И когда мы сложили фигуры (доска закрылась на удивление легко), ничто не предвещало несчастья. Вот только погода испортилась, и ветер стал шевелить вдоль ограды палисадника сморщенную яблоневую листву.

Гроза разразилась часа через два, когда дедушка взялся за шахматы, чтобы разобрать напечатанную в “Известиях” партию Карпова с Корчным: среди фигур не оказалось черного слона. Дедушка вошел в комнату и, придавив меня взглядом, молвил:

— Сорок лет у дедушки были шахматы, сорок лет! Ты, говнюк, этого не стоишь. — После чего вышел, надолго повернувшись ко мне спиной.

— Ты сходи к этому Рашиду, — шепотом увещевала бабушка, — скажи ему: так, по-хорошему, мол, отдай фигурку, зачем она тебе?

Но я-то знал, что дело не в Рашиде, а в доме. Только дом мог вернуть взятое им обратно. Замахнувшись на прошлое нашей семьи, он поставил под сомнение ее будущее.

Я не сомневался, что дедушка переживет потерю шахмат, но ни его мир, ни он сам уже никогда не будут прежними. (Как если бы дедушка был фарфоровый и я нечаянно уронил его с серванта, а потом поставил на место, но уже с отколотым носом.)

Над домом вспыхивали молнии, и тяжелые редкие капли скатывали на шершавых дорожках сада ртутные шарики пыли (другие задерживались на бесчисленных ярусах широколистной драганы).

Разумеется, можно было придумать более толковое и доходчивое заклинание, но нельзя было терять ни минуты, и, повернувшись лицом к дому, я прокричал:

— Дом, дом, отдай добром то, что нажито честным трудом! — И забежал внутрь от начавшегося ливня.

Через какое-то время в зал вошла бабушка, сдувая пыль с черного слона.

— За батарею упал, — объяснила она находку.

 

 

 

Поединок

В футбол играли все, даже Марипик.

Приходил из-за горки Рашид, заглядывал к нам во двор, откуда выходили уже втроем-вчетвером. Потом с бессонными от телевизора глазами появлялся Науфаль, неся пятнистый мяч, а там уже и задира Батыр просил: “Накати-ка”, — когда видел киргиза, с сиротливой поспешностью преодолевавшего чреватый угрозой отрезок улицы. (Кожаный снаряд звонко вписывался в листовое железо Эрнестова гаража, а киргиз лишь через двадцать—тридцать шагов лез в карман за зажигалкой, чтобы восстановить на кончике сигареты сбитую ударом теплящуюся пепельную головку.)
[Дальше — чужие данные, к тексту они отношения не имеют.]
(* For every integer $\ell\ge 2$, $m_0(\ell)>\ell\, m_{\ell-1}(\ell)$.
   Context: For $S\subset[n]$, $\mathcal F(\overline S)=\{F\in\mathcal F: F\cap S=\emptyset\}$ and $\gamma_j(\mathcal F)=\min_{S\in\binom{[n]}{j}}|\mathcal F(\overline S)|$ (so $\gamma_0(\mathcal F)=|\mathcal F|$). $\tau(\mathcal F)$ is the minimum size of a set meeting all members of $\mathcal F$. For $0\le j<k$, $m_j(k)$ is the maximum of $\gamma_j(\mathcal F)$ over all $n$ and all intersecting families $\mathcal F\subset\binom{[n]}{k}$ (any two members intersect) with $\tau(\mathcal F)=k$. *)

From mathcomp Require Import all_boot.
Set Implicit Arguments. Unset Strict Implicit. Unset Printing Implicit Defensive.

Definition uniform (n k : nat) (F : {set {set 'I_n}}) : Prop :=
  forall A, A \in F -> #|A| = k.

Definition intersecting (n : nat) (F : {set {set 'I_n}}) : Prop :=
  forall A B, A \in F -> B \in F -> A :&: B != set0.

Definition transversal (n : nat) (F : {set {set 'I_n}}) (T : {set 'I_n}) : Prop :=
  forall A, A \in F -> T :&: A != set0.

Definition tau_eq (n : nat) (F : {set {set 'I_n}}) (t : nat) : Prop :=
  (exists T, transversal F T /\ #|T| = t) /\
  (forall T, transversal F T -> t <= #|T|).

Definition avoid (n : nat) (F : {set {set 'I_n}}) (S : {set 'I_n}) : {set {set 'I_n}} :=
  [set A in F | A :&: S == set0].

(* gamma_j(F) = min over j-subsets S of [n] of |F(\bar S)|.
   (#|F| is a harmless neutral element: every term is <= #|F|.) *)
Definition gamma (n j : nat) (F : {set {set 'I_n}}) : nat :=
  \big[minn/#|F|]_(S : {set 'I_n} | #|S| == j) #|avoid F S|.

Definition admissible (n k : nat) (F : {set {set 'I_n}}) : Prop :=
  uniform k F /\ intersecting F /\ tau_eq F k.

Definition is_m (j k v : nat) : Prop :=
  (exists n (F : {set {set 'I_n}}), admissible k F /\ gamma j F = v) /\
  (forall n (F : {set {set 'I_n}}), admissible k F -> gamma j F <= v).

From Pilot Require Import Defs.
From mathcomp Require Import all_boot order zify.
From Stdlib Require Import Classical.
Import Order.TTheory.
Set Implicit Arguments. Unset Strict Implicit.

(* Fix an admissible F attaining m_{l-1}(l) and a member A of F.  For each x in A,
   the (l-1)-set A \ x gives gamma_{l-1}(F) <= |F(complement of A \ x)|.  A member B
   avoiding A \ x meets A exactly in x, so summing over the l points of A counts every
   B <> A at most once and A itself never: l m_{l-1}(l) <= |F| - 1 < |F| <= m_0(l).
   Both maxima exist because a family with covering number l has at most l^l members. *)

Lemma card_bigcup_leq_sum (T I : finType) (P : {pred I}) (S : I -> {set T}) :
  #|\bigcup_(i in P) S i| <= \sum_(i in P) #|S i|.
Proof.
elim/big_ind2: _ => [|m X k Y leXm leYk|//]; first by rewrite cards0.
by rewrite (leq_trans (leq_card_setU X Y)) ?leq_add.
Qed.

Lemma sum_card_sep_exchange (I J : finType) (A : {pred I}) (B : {pred J})
    (R : I -> J -> bool) :
  \sum_(i in A) #|[set j in B | R i j]| = \sum_(j in B) #|[set i in A | R i j]|.
Proof.
have card_sep (K : finType) (C : {pred K}) (p : pred K) :
    #|[set k in C | p k]| = \sum_(k in C) p k.
  rewrite -sum1_card big_mkcond [RHS]big_mkcond; apply: eq_bigr => k _.
  by rewrite inE; case: (k \in C); case: (p k).
under eq_bigr do rewrite card_sep.
under [RHS]eq_bigr do rewrite card_sep.
exact: exchange_big.
Qed.

Lemma exists_subset_card (T : finType) (C : {set T}) k :
  k <= #|C| -> exists2 B : {set T}, B \subset C & #|B| = k.
Proof.
case/card_geqP => s [uniq_s size_s sub_sC]; exists [set x in s].
  by apply/subsetP => x; rewrite inE; apply: sub_sC.
by rewrite cardsE (card_uniqP uniq_s).
Qed.

Lemma bounded_nat_has_max (P : nat -> Prop) (B : nat) :
  (exists v, P v) -> (forall v, P v -> v <= B) ->
  exists v, P v /\ forall w, P w -> w <= v.
Proof.
elim: B => [|B IHB] [v Pv] bounded.
  exists v; split=> // w Pw; have := bounded w Pw; have := bounded v Pv.
  by rewrite !leqn0 => /eqP -> /eqP ->.
have [PB1|notPB1] := classic (P B.+1); first by exists B.+1.
apply: IHB; first by exists v.
move=> w Pw; have := bounded w Pw; rewrite leq_eqVlt => /orP [/eqP ew|//].
by rewrite ew in Pw.
Qed.

Lemma card_pivots_leq1 (T : finType) (A B : {set T}) :
  B :&: A != set0 -> #|[set x in A | B :&: (A :\ x) == set0]| <= 1.
Proof.
case/set0Pn => z; rewrite inE => /andP [zB zA].
have pivot_eq x : B :&: (A :\ x) == set0 -> z = x.
  move=> /eqP BAx; apply/eqP/negPn/negP => zx.
  by have := in_set0 z; rewrite -BAx !inE zB zA zx.
apply/card_le1_eqP => x y; rewrite !inE => /andP [_ /pivot_eq <-].
by case/andP=> _ /pivot_eq.
Qed.

Lemma pivots_self_eq0 (T : finType) (A : {set T}) :
  1 < #|A| -> [set x in A | A :&: (A :\ x) == set0] = set0.
Proof.
move=> A_gt1; apply/setP => x; rewrite !inE (setIidPr (subsetDl A [set x])).
apply/negbTE/negP => /andP [xA /eqP Ax0].
by move: A_gt1; rewrite (cardsD1 x A) xA Ax0 cards0.
Qed.

Lemma gamma_leq_card n j (F : {set {set 'I_n}}) : gamma j F <= #|F|.
Proof. exact: (@bigmin_le_id _ nat). Qed.

Lemma gamma_leq_avoid n j (F : {set {set 'I_n}}) (S : {set 'I_n}) :
  #|S| = j -> gamma j F <= #|avoid F S|.
Proof. by move=> cardS; apply: (@bigmin_le_cond _ nat); rewrite cardS. Qed.

Lemma gamma0 n (F : {set {set 'I_n}}) : gamma 0 F = #|F|.
Proof.
apply/eqP; rewrite eqn_leq gamma_leq_card /=.
apply: (@le_bigmin _ nat) => // S; rewrite cards_eq0 => /eqP ->.
by apply: subset_leq_card; apply/subsetP => A FA; rewrite inE FA setI0 eqxx.
Qed.

Section UniformIntersecting.

Variables (n l : nat) (F : {set {set 'I_n}}).
Hypotheses (F_unif : uniform l F) (F_inter : intersecting F).
Hypothesis F_tau_ge : forall T, Defs.transversal F T -> l <= #|T|.

(* A set T with fewer than l points misses some G in F, and every member containing
   T meets G outside T: branch on the l points of G. *)
Lemma card_supersets_leq d (T : {set 'I_n}) :
  #|T| + d = l -> #|[set A in F | T \subset A]| <= l ^ d.
Proof.
elim: d T => [|d IHd] T cardT.
  apply/card_le1_eqP => A B; rewrite !inE addn0 in cardT *.
  have eqT C : C \in F -> T \subset C -> T = C.
    by move=> FC TC; apply/eqP; rewrite eqEcard TC (F_unif FC) cardT leqnn.
  by move=> /andP [FA TA] /andP [FB TB]; rewrite -(eqT A) // -(eqT B).
have [G FG TG0] : exists2 G, G \in F & T :&: G == set0.
  apply/exists_inP; apply: contraT => /exists_inPn notT.
  have := F_tau_ge (fun A FA => notT A FA).
  by rewrite -cardT addnS ltnNge leq_addr.
have sub_cover : [set A in F | T \subset A] \subset
                 \bigcup_(x in G) [set A in F | (x |: T) \subset A].
  apply/subsetP => A; rewrite inE => /andP [FA TA].
  case/set0Pn: (F_inter FA FG) => x; rewrite inE => /andP [xA xG].
  by apply/bigcupP; exists x; rewrite // inE FA subUset sub1set xA TA.
apply: leq_trans (subset_leq_card sub_cover) _.
apply: leq_trans (card_bigcup_leq_sum _ _) _.
rewrite expnS -{1}(F_unif FG) -sum_nat_const; apply: leq_sum => x xG.
have xT : x \notin T.
  by apply: contraTN TG0 => xT; apply/set0Pn; exists x; rewrite inE xT.
by apply: IHd; rewrite cardsU1 xT add1n addSn -addnS.
Qed.

Lemma card_leq_exp : #|F| <= l ^ l.
Proof.
have := @card_supersets_leq l set0.
rewrite cards0 => /(_ erefl); congr (_ <= _).
by apply: eq_card => A; rewrite inE sub0set andbT.
Qed.

Lemma mul_gamma_pred_lt_card A : 1 < l -> A \in F -> l * gamma l.-1 F < #|F|.
Proof.
move=> l_gt1 FA.
have cardAx x : x \in A -> #|A :\ x| = l.-1.
  by move=> xA; rewrite -(F_unif FA) (cardsD1 x A) xA.
have sum_avoid : l * gamma l.-1 F <= \sum_(x in A) #|avoid F (A :\ x)|.
  rewrite -{1}(F_unif FA) -sum_nat_const; apply: leq_sum => x xA.
  exact/gamma_leq_avoid/cardAx.
apply: leq_ltn_trans sum_avoid _.
have A_gt1 : 1 < #|A| by rewrite (F_unif FA).
rewrite sum_card_sep_exchange (bigD1 A) //= pivots_self_eq0 // cards0 add0n.
rewrite (cardsD1 A F) FA add1n ltnS -sum1_card.
rewrite [X in _ <= X](eq_bigl (fun B => (B \in F) && (B != A))) => [|B]; last first.
  by rewrite !inE andbC.
apply: leq_sum => B /andP [FB _]; apply: card_pivots_leq1.
by rewrite setIC F_inter.
Qed.

End UniformIntersecting.

Lemma intersecting_of_small_ground n l (A B : {set 'I_n}) :
  n < l + l -> #|A| = l -> #|B| = l -> A :&: B != set0.
Proof.
move=> n_lt cardA cardB; apply/negP => /eqP AB0.
have := cardsUI A B; rewrite AB0 cards0 addn0 cardA cardB => cardAUB.
have := max_card (mem (A :|: B)); rewrite card_ord cardAUB; lia.
Qed.

(* An l-set meets every l-set of a (2l-1)-set, and the complement of a smaller
   set still contains one. *)
Lemma admissible_ksubsets n l :
  n.+1 = l + l -> admissible l [set A : {set 'I_n} | #|A| == l].
Proof.
move=> n_eq; have n_lt : n < l + l by rewrite -n_eq.
split; [|split; [|split]].
- by move=> A; rewrite inE => /eqP.
- move=> A B; rewrite !inE => /eqP cardA /eqP cardB.
  exact: intersecting_of_small_ground n_lt cardA cardB.
- have [T _ cardT] : exists2 T : {set 'I_n}, T \subset setT & #|T| = l.
    by apply: exists_subset_card; rewrite cardsT card_ord; lia.
  exists T; split=> // A; rewrite inE => /eqP cardA.
  exact: intersecting_of_small_ground n_lt cardT cardA.
- move=> T transT; rewrite leqNgt; apply/negP => small_T.
  have [B sub_BTc cardB] : exists2 B : {set 'I_n}, B \subset ~: T & #|B| = l.
    by apply: exists_subset_card; have := cardsC T; rewrite card_ord; lia.
  have := transT B; rewrite inE cardB eqxx => /(_ isT); apply/negP/negPn.
  by rewrite setIC setI_eq0 disjoints_subset.
Qed.

Lemma admissible_exists l : 0 < l -> exists n (F : {set {set 'I_n}}), admissible l F.
Proof.
move=> l_gt0; exists (l + l.-1), [set A : {set _} | #|A| == l].
by apply: admissible_ksubsets; lia.
Qed.

Lemma admissible_card_leq n l (F : {set {set 'I_n}}) : admissible l F -> #|F| <= l ^ l.
Proof. by case=> F_unif [F_inter [_ tau_ge]]; apply: card_leq_exp. Qed.

Lemma admissible_neq0 n l (F : {set {set 'I_n}}) :
  0 < l -> admissible l F -> exists A, A \in F.
Proof.
move=> l_gt0 [_ [_ [_ tau_ge]]].
have [/set0Pn //|/negPn/eqP F0] := boolP (F != set0).
have trans0 : Defs.transversal F set0 by move=> A; rewrite F0 inE.
by have := tau_ge _ trans0; rewrite cards0 leqNgt l_gt0.
Qed.

Lemma is_m_exists j l : 0 < l -> exists v, is_m j l v.
Proof.
move=> l_gt0.
pose P v := exists n (F : {set {set 'I_n}}), admissible l F /\ gamma j F = v.
have [n0 [F0 adm0]] := admissible_exists l_gt0.
have P_gamma0 : P (gamma j F0) by exists n0, F0.
have P_bounded v : P v -> v <= l ^ l.
  case=> n [F [admF <-]].
  exact: leq_trans (gamma_leq_card _ _) (admissible_card_leq admF).
have [v [Pv v_max]] := bounded_nat_has_max (ex_intro P _ P_gamma0) P_bounded.
by exists v; split=> // n F admF; apply: v_max; exists n, F.
Qed.

Theorem proposition5p1 (l : nat) (hl : 2 <= l) :
  exists a b : nat, [/\ is_m 0 l a, is_m l.-1 l b & l * b < a].
Proof.
have l_gt0 : 0 < l by apply: ltnW.
have [a m_a] := is_m_exists 0 l_gt0.
have [b m_b] := is_m_exists l.-1 l_gt0.
exists a, b; split=> //.
have [[n [F [admF <-]]] _] := m_b.
have [A FA] := admissible_neq0 l_gt0 admF.
have [F_unif [F_inter _]] := admF.
apply: leq_trans (mul_gamma_pred_lt_card F_unif F_inter hl FA) _.
by rewrite -gamma0; apply: m_a.2.
Qed.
Дорогой отцов, о футбольном мастерстве которых ходили легенды, шествие направлялось в сторону Дворца пионеров, и пятнистый мяч, мечась среди босых ног в поисках защиты, но получая пинки, стирался по пути об асфальт.

Вообще-то Марипик больше любил бокс и хоккей. Особенно если играли канадцы.

Мы тоже играли зимой в хоккей, кое у кого даже были настоящие клюшки с загнутыми крюками (остальным приходилось прибивать короткую дощечку к длинной), вот только лезвия коньков никогда не касались неровных каменистых скатов нашей обильной на повороты и хитросплетения улицы.

Время от времени Марипик “подъезжал” к сопернику и, двумя руками держа перед собой клюшку, как бойцовскую палку, толкал его в грудь, глухим “ххааа…” изображая рев телевизионных трибун.

Впрочем, в эту игру Марипик мог играть и летом, безо всяких клюшек. Это, наверное, и отличало его от других знакомых нам обыкновенных отличников. Потому что во всем остальном Марипик вел себя прилежно: дружил с безобидным Андреем Максимовым (которого, как и других русских на улице, считали “гнилым” и жадным), приносил из школы пятерки и похвальные грамоты, вечерами зубрил немецкий, а если взрослые заговаривали с ним о чем-нибудь или давали задания, склонял голову набок, кивая с придавленной улыбкой, и делал все в точности как сказали.

С чего в тот день началась ссора, я не заметил. Солнце ползло к закату, и мы, доиграв до положенных десяти голов, покинули белую пыль дворцового поля, углубляясь в лабиринт начинавшихся сразу за футбольными воротами вековых дубов. Помню лишь, в какой-то момент увидел, что Марипик пинает поверженного на землю Батыра, как неправильный, извивающийся мяч. Тень от Марипика плясала среди теней от дубовых стволов, перерастая их и протягиваясь куда-то в сторону Советской и химфармзавода, а сам Марипик молчал перекошенно сомкнутыми в бешеной ярости устами.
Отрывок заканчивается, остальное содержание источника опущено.